И Грей первый раз посмотрел на меня с интересом. Который тут же похоронил на дне своих глаз. Ах ты, сукин сын! Загадка. Сфинкс. Бездонные, немигающие и карие, пьяные – друг другу в глаза, в душу, в бессмертие. И ирония в самых уголках. Я тебя раскушу, немецкая морда. А я тебя, пьянь подзаборная. Я тут живу, алкаш. Теперь и я тут живу, шерстяной. И рванул Грей опять рысью вдоль забора. Красиво идет, подлец. Чисто волк. Спина – стальная. Стелется над землей, как не касается ее вовсе. Не рисуйся, гаденыш. А ты сам так попробуй, человечишка. Так вот и жили все время – каждый под знаком своего полного и безоговорочного превосходства. Смертельная игра. Карат же все это безобразие прекратил на корню. Грею просто было чудовищно скучно. Вот и весь сфинкс. Даже обидно. И превратился загадочный немец в отличного компанейского пса. Но – только для избранных. А для всех остальных… Кто може – ховайтесь, кто не може – рятуйте, как говаривал Митрич, открывая калитку, за которой переступал лапами от нетерпения Грей.
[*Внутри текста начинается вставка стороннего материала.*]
Fixpoint rsum (n : nat) (f : nat -> R) : R :=
  match n with
  | O => 0
  | S k => rsum k f + f k
  end.

Definition rat_indep (m : nat) (q : nat -> R) : Prop :=
  forall c : nat -> Q,
    rsum m (fun j => Q2R (c j) * q j) = 0 ->
    forall j, (j < m)%nat -> Q2R (c j) = 0.

Definition propC (Gamma : R -> Prop) : Prop :=
  forall m : nat, exists q : nat -> R,
    rat_indep m q /\
    forall N : nat, exists a : nat -> R,
      forall j k : nat, (j < m)%nat -> (1 <= k <= N)%nat ->
        Gamma (a j + INR k * q j).

(* |P(t)| for P(t) = (1/N) sum_{j<N} e^{i eta_j t}, written via
   |z| = sqrt (Re z ^2 + Im z ^2) with e^{i x} = cos x + i sin x. *)
Definition expoly_abs (N : nat) (eta : nat -> R) (t : R) : R :=
  / INR N * sqrt ((rsum N (fun j => cos (eta j * t))) ^ 2
                + (rsum N (fun j => sin (eta j * t))) ^ 2).

From Stdlib Require Import Reals QArith Qreals Lra Lia Classical.
From Coquelicot Require Import Coquelicot.
Open Scope R_scope.
Lemma kdiffD f g C : kdiff y (fun D => f D + g D) C = kdiff y f C + kdiff y g C.
Proof. by rewrite /kdiff -big_split; apply: eq_bigr => k _; rewrite scalerDr. Qed.

Lemma kdiffB f g C : kdiff y (fun D => f D - g D) C = kdiff y f C - kdiff y g C.
Proof. by rewrite /kdiff -sumrB; apply: eq_bigr => k _; rewrite scalerBr. Qed.

Lemma kdiffZ a f C : kdiff y (fun D => a *: f D) C = a *: kdiff y f C.
Proof.
by rewrite /kdiff scaler_sumr; apply: eq_bigr => k _; rewrite !scalerA mulrC.
Qed.

Lemma kdiff_kdiff c C : kdiff y (kdiff y c) C = 0.
Proof.
pose H k l := if (k \notin C) && (l \notin k |: C) then
   ((-1) ^+ #|[set b in C | (b < k)%N]| * y k
    * ((-1) ^+ #|[set b in k |: C | (b < l)%N]| * y l)) *: c (l |: (k |: C))
  else 0.
transitivity (\sum_k \sum_l H k l).
  rewrite /kdiff big_mkcond; apply: eq_bigr => k _; rewrite /H.
  case: ifP => kC /=; last by rewrite big1.
  rewrite scaler_sumr big_mkcond; apply: eq_bigr => l _.
  by case: ifP => _; rewrite ?scaler0 // scalerA.
apply: sum_antisym_eq0 => [k|k l]; first by rewrite /H setU11 andbF.
rewrite /H !inE; case: (eqVneq k l) => [->|neq_kl] /=; first by rewrite andbF oppr0.
case kC: (k \in C); case lC: (l \in C); rewrite /= ?oppr0 //.
rewrite setUCA -scaleNr; congr (_ *: _).
rewrite (card_sep_setU1 (fun b : 'I_r => (b < l)%N)) ?kC //.
rewrite (card_sep_setU1 (fun b : 'I_r => (b < k)%N)) ?lC // !exprD.
case: ltngtP => [_|_|/ord_inj eq_kl]; last by rewrite eq_kl eqxx in neq_kl.
  by rewrite expr1 expr0; ring.
by rewrite expr1 expr0; ring.
Qed.

Lemma kpart_ext j f g C : (forall D, f D = g D) -> kpart j f C = kpart j g C.
Proof. by move=> fg; rewrite /kpart fg. Qed.

Lemma kpartB j f g C : kpart j (fun D => f D - g D) C = kpart j f C - kpart j g C.
Proof. by rewrite /kpart; case: ifP; rewrite ?subr0 // scalerBr. Qed.

Lemma kpart_kdiff j c C : kpart j (kdiff y c) C = kdiff y (kpart j c) C.
Proof.
rewrite /kpart /kdiff; case: ifP => jC.
  by rewrite big1 // => l _; rewrite inE jC orbT scaler0.
rewrite scaler_sumr (big_mkcond (fun l => l \notin j |: C)).
rewrite (big_mkcond (fun l => l \notin C)); apply: eq_bigr => l _.
rewrite !inE; case: (eqVneq l j) => [->|neq_lj] /=.
  by case: ifP; rewrite ?scaler0.
case: ifP => lC //=; rewrite jC !scalerA setUCA.
rewrite (card_sep_setU1 (fun b : 'I_r => (b < l)%N)) ?jC //.
rewrite (card_sep_setU1 (fun b : 'I_r => (j < b)%N)) ?lC //.
by congr (_ *: _); rewrite !exprD; ring.
Qed.

Lemma kpart_setD1 j f D : j \in D ->
  f D = (-1) ^+ #|[set b in D :\ j | (j < b)%N]| *: kpart j f (D :\ j).
Proof.
move=> jD; rewrite /kpart setD11 setD1K // scalerA.
by rewrite mulr_sign_sqr scale1r.
Qed.

(* Wedge product with e_j on the right: kpart j is its left inverse. *)
Definition kext j f : {set 'I_r} -> M := fun D =>
  if j \in D then (-1) ^+ #|[set b in D :\ j | (j < b)%N]| *: f (D :\ j) else 0.

Lemma kpart_kext j f C : (forall D, j \in D -> f D = 0) -> kpart j (kext j f) C = f C.
Proof.
move=> f_j; rewrite /kpart /kext; case: ifP => [/f_j -> //|jC].
by rewrite setU11 setU1K ?jC // scalerA mulr_sign_sqr scale1r.
Qed.

Definition kdrop j f : {set 'I_r} -> M := fun D => if j \in D then 0 else f D.

Lemma kdiff_kdrop_mem j v C : j \in C -> kdiff y (kdrop j v) C = 0.
Proof.
by move=> jC; rewrite /kdiff big1 // => k _; rewrite /kdrop inE jC orbT scaler0.
Qed.

Lemma kdiff_kdrop j v C : j \notin C ->
  kdiff y v C = kdiff y (kdrop j v) C + ((-1) ^+ #|C| * y j) *: kpart j v C.
Proof.
move=> jC; rewrite /kdiff (bigD1 j jC) [in RHS](bigD1 j jC) /= /kdrop setU11.
rewrite scaler0 add0r addrC; congr (_ + _).
  apply: congr_big => // k /andP[_ neq_kj].
  by rewrite in_setU1 (negbTE jC) orbF eq_sym (negbTE neq_kj).
rewrite /kpart (negbTE jC) scalerA -(card_ltn_gtn jC) exprD.
by congr (_ *: _); rewrite mulrAC -(mulrA _ _ (_ ^+ _)) mulr_sign_sqr mulr1.
Qed.

Lemma kchain_sub A B i c : A \subset B -> kchain A i c -> kchain B i c.
Proof.
move=> sAB cA D nD; apply: cA; apply: contra nD => /andP[sDA ->].
by rewrite (subset_trans sDA sAB).
Qed.

Lemma kchainD A i f g : kchain A i f -> kchain A i g -> kchain A i (fun D => f D + g D).
Proof. by move=> fA gA D nD; rewrite fA // gA // addr0. Qed.
(* Let $n\ge3$. For a positive integer $k$ let $p_k=k\left(1-3\frac{k-1}{n-1}\right)$ and $q_k=3\left(1-15\frac{k-1}{n-1}+30\frac{(k-1)(k-2)}{(n-1)(n-2)}\right)$. Then: 1. If $1\le k_1<k_2\le n$, then $p_{k_1}q_{k_2}-p_{k_2}q_{k_1}=\frac{3(n+8)}{(n-1)^2(n-2)}(k_1-k_2)G(k_1,k_2)$. 2. If $1\le k_1<k_2<k_3\le n$, then $\sum_{i=1}^3k_i(n+2-3k_i)(k_{i+1}-k_{i+2})G(k_{i+1},k_{i+2})=0$, indices taken mod 3 ($k_4=k_1$, $k_5=k_2$). 3. If $1\le k_1<k_2<k_3<k_4\le n$ and $G(k_2,k_3)\le 0$, then (a) $k_2<\frac{n+2}3$ and $k_3>\frac{n+2}3$; (b) $p_{k_2}>0$ and $p_{k_3}<0$; (c) $G(k_1,k_2)>0$ and $G(k_3,k_4)>0$.
   Context: For positive integers $k_1,k_2\le n$, $G(k_1,k_2)=(n+2-3k_1)(n+2-3k_2)+6(k_1-1)(k_2-1)+2(n-1)$. *)

From mathcomp Require Import all_boot all_order all_algebra.
Set Implicit Arguments. Unset Strict Implicit. Unset Printing Implicit Defensive.
Import Order.TTheory GRing.Theory Num.Theory.
Local Open Scope ring_scope.

(* G(k1,k2) = (n+2-3k1)(n+2-3k2) + 6(k1-1)(k2-1) + 2(n-1), computed in rat
   (so subtraction is genuine, not truncated). *)
Definition G (n k1 k2 : nat) : rat :=
  (n%:R + 2 - 3 * k1%:R) * (n%:R + 2 - 3 * k2%:R)
  + 6 * (k1%:R - 1) * (k2%:R - 1) + 2 * (n%:R - 1).

Definition p (n k : nat) : rat :=
  k%:R * (1 - 3 * (k%:R - 1) / (n%:R - 1)).

Definition q (n k : nat) : rat :=
  3 * (1 - 15 * (k%:R - 1) / (n%:R - 1)
       + 30 * (k%:R - 1) * (k%:R - 2) / ((n%:R - 1) * (n%:R - 2))).

(* Write [u_k = n + 2 - 3k], so that [G(k1,k2) = u_k1 u_k2 + 6(k1-1)(k2-1) + 2(n-1)]
   and [p_k = k u_k / (n-1)].  Parts 1 and 2 are identities of rational functions.
   For part 3, the last two summands of [G] are positive, so [G(k2,k3) <= 0] forces
   [u_k2 u_k3 < 0]; since [u] is decreasing this means [u_k2 > 0 > u_k3], which gives
   the position of [k2, k3] relative to [(n+2)/3] and the signs of [p].  Then
   [u_k1 > u_k2 > 0] and [0 > u_k3 > u_k4], so [G(k1,k2)] and [G(k3,k4)] are
   positive. *)
From mathcomp Require Import all_boot all_order all_algebra.
From mathcomp Require Import ring lra.
Set Implicit Arguments.
Unset Strict Implicit.
Unset Printing Implicit Defensive.

Import Order.TTheory GRing.Theory Num.Theory.
Local Open Scope ring_scope.

Lemma p_factor (n k : nat) : (1 < n)%N ->
  p n k = k%:R * (n%:R + 2 - 3 * k%:R) / (n%:R - 1).
Proof.
move=> n_gt1; have n1_neq0 : n%:R - 1 != 0 :> rat.
  by rewrite subr_eq0 pnatr_eq1 gtn_eqF.
by rewrite /p; field.
Qed.

Lemma pq_cross (n k1 k2 : nat) : (2 < n)%N ->
  p n k1 * q n k2 - p n k2 * q n k1
  = 3 * (n%:R + 8) / ((n%:R - 1) ^+ 2 * (n%:R - 2)) * (k1%:R - k2%:R) * G n k1 k2.
Proof.
move=> n_gt2; have n_ge3 : (3 <= n%:R :> rat) by rewrite (ler_nat rat 3).
have n1_neq0 : n%:R - 1 != 0 :> rat by apply/eqP => ?; lra.
have n2_neq0 : n%:R - 2 != 0 :> rat by apply/eqP => ?; lra.
by rewrite /p /q /G; field; rewrite n1_neq0 n2_neq0.
Qed.

Lemma G_cyclic_sum (n k1 k2 k3 : nat) :
  k1%:R * (n%:R + 2 - 3 * k1%:R) * (k2%:R - k3%:R) * G n k2 k3
  + k2%:R * (n%:R + 2 - 3 * k2%:R) * (k3%:R - k1%:R) * G n k3 k1
  + k3%:R * (n%:R + 2 - 3 * k3%:R) * (k1%:R - k2%:R) * G n k1 k2 = 0.
Proof. by rewrite /G; ring. Qed.

Section GSign.

Variables (n k1 k2 : nat).
Hypotheses (n_gt1 : (1 < n)%N) (k1_gt0 : (0 < k1)%N) (k12 : (k1 < k2)%N).

Let N := n%:R : rat.
Let a := k1%:R : rat.
Let b := k2%:R : rat.

Let bounds : [/\ 2 <= N, 1 <= a & a + 1 <= b].
Proof. by rewrite (ler_nat rat 2) (ler_nat rat 1) natr1 ler_nat. Qed.

Lemma G_le0_straddle : G n k1 k2 <= 0 ->
  0 < n%:R + 2 - 3 * k1%:R :> rat /\ n%:R + 2 - 3 * k2%:R < 0 :> rat.
Proof.
rewrite /G -/N -/a -/b => G_le0; case: bounds => n_ge2 a_ge1 ab.
have ab1_ge0 : 0 <= (a - 1) * (b - 1) by apply: mulr_ge0; lra.
have uv_lt0 : (N + 2 - 3 * a) * (N + 2 - 3 * b) < 0 by lra.
split; nra.
Qed.

Lemma G_gt0_below : 0 < n%:R + 2 - 3 * k2%:R :> rat -> 0 < G n k1 k2.
Proof. rewrite /G -/N -/a -/b => u2_gt0; case: bounds => n_ge2 a_ge1 ab; nra. Qed.

Lemma G_gt0_above : n%:R + 2 - 3 * k1%:R < 0 :> rat -> 0 < G n k1 k2.
Proof. rewrite /G -/N -/a -/b => u1_lt0; case: bounds => n_ge2 a_ge1 ab; nra. Qed.

End GSign.

Theorem lemma3p4 (n : nat) (hn : (3 <= n)%N) :
  (forall k1 k2 : nat, (1 <= k1)%N -> (k1 < k2)%N -> (k2 <= n)%N ->
     p n k1 * q n k2 - p n k2 * q n k1
     = 3 * (n%:R + 8) / ((n%:R - 1) ^+ 2 * (n%:R - 2))
       * (k1%:R - k2%:R) * G n k1 k2)
  /\
  (forall k1 k2 k3 : nat,
     (1 <= k1)%N -> (k1 < k2)%N -> (k2 < k3)%N -> (k3 <= n)%N ->
     k1%:R * (n%:R + 2 - 3 * k1%:R) * (k2%:R - k3%:R) * G n k2 k3
     + k2%:R * (n%:R + 2 - 3 * k2%:R) * (k3%:R - k1%:R) * G n k3 k1
     + k3%:R * (n%:R + 2 - 3 * k3%:R) * (k1%:R - k2%:R) * G n k1 k2 = 0)
  /\
  (forall k1 k2 k3 k4 : nat,
     (1 <= k1)%N -> (k1 < k2)%N -> (k2 < k3)%N -> (k3 < k4)%N -> (k4 <= n)%N ->
     G n k2 k3 <= 0 ->
     [/\ (k2%:R < (n%:R + 2) / 3 :> rat) /\ ((n%:R + 2) / 3 < k3%:R :> rat),
         (0 < p n k2) /\ (p n k3 < 0)
       & (0 < G n k1 k2) /\ (0 < G n k3 k4)]).
Proof.
have n_gt1 : (1 < n)%N by apply: leq_trans hn.
split; [by move=> k1 k2 *; apply: pq_cross | split; first by move=> *; apply: G_cyclic_sum].
move=> k1 k2 k3 k4 k1_gt0 k12 k23 k34 _ G23_le0.
have k2_gt0 : (0 < k2)%N by apply: leq_trans k12.
have k3_gt0 : (0 < k3)%N by apply: leq_trans k23.
have [u2_gt0 u3_lt0] := G_le0_straddle n_gt1 k2_gt0 k23 G23_le0.
have n1_gt0 : 0 < n%:R - 1 :> rat by rewrite subr_gt0 ltr1n.
rewrite !p_factor //; split; [split; lra | split | split].
- by rewrite !divr_gt0 ?mulr_gt0 ?ltr0n.
- by rewrite pmulr_llt0 ?invr_gt0 // pmulr_rlt0 ?ltr0n.
- exact: G_gt0_below.
- exact: G_gt0_above.
Qed.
Я подошел к сторожке, молча взял из рук Митрича стакан с водкой, выдохнул и залпом выпил. Водка была настоящая – не бутор.
– Кто это у нас припер родимую? – спросил я, занюхивая рукавом.
– Шурин припер. Уже под лавкой лежит. Сморило. Споем?
– Дай-ка еще полстакана, а то засыпаю.
Митрич кивнул, поднял с земли стоявшую у его ног бутылку, посмотрел ее на свет фонаря, покачал головой, но все же плеснул мне в стакан.
– «Ничь яка мисячна», Митрич. – сказал я.
Он кивнул, поправил ремень и с ходу, с растягу, с тоски и радости одновременно выиграл железными своими пальцами вступление.
…Я пел, закрыв глаза, отключив в себе все, что только мог, оставив только одну чистую и непорочную свою душу. И ангелы заливались в небе слезами. И падали, бляди, обессилев, на землю. И теряли память. А еще через час, засыпая под пьяный базар, я опять вспомнил: «Напиши мне письмо, Одинокий Ветер»…
…голубое сияние снегов, исчезающая глубина озер, отражение солнца в воде, пестрота полевых цветов, ощущение полета над каменной пустыней, крик птицы под утро, музыка в пустом концертном зале – это все жизнь в пустоте. Нет ни верха, ни низа, не за что уцепиться, нет конца этому, и ветер не может лечь, не может успокоиться.
Человек живет на земле – ему легче. Легче, потому что у него есть вес, потому что он тяжелый.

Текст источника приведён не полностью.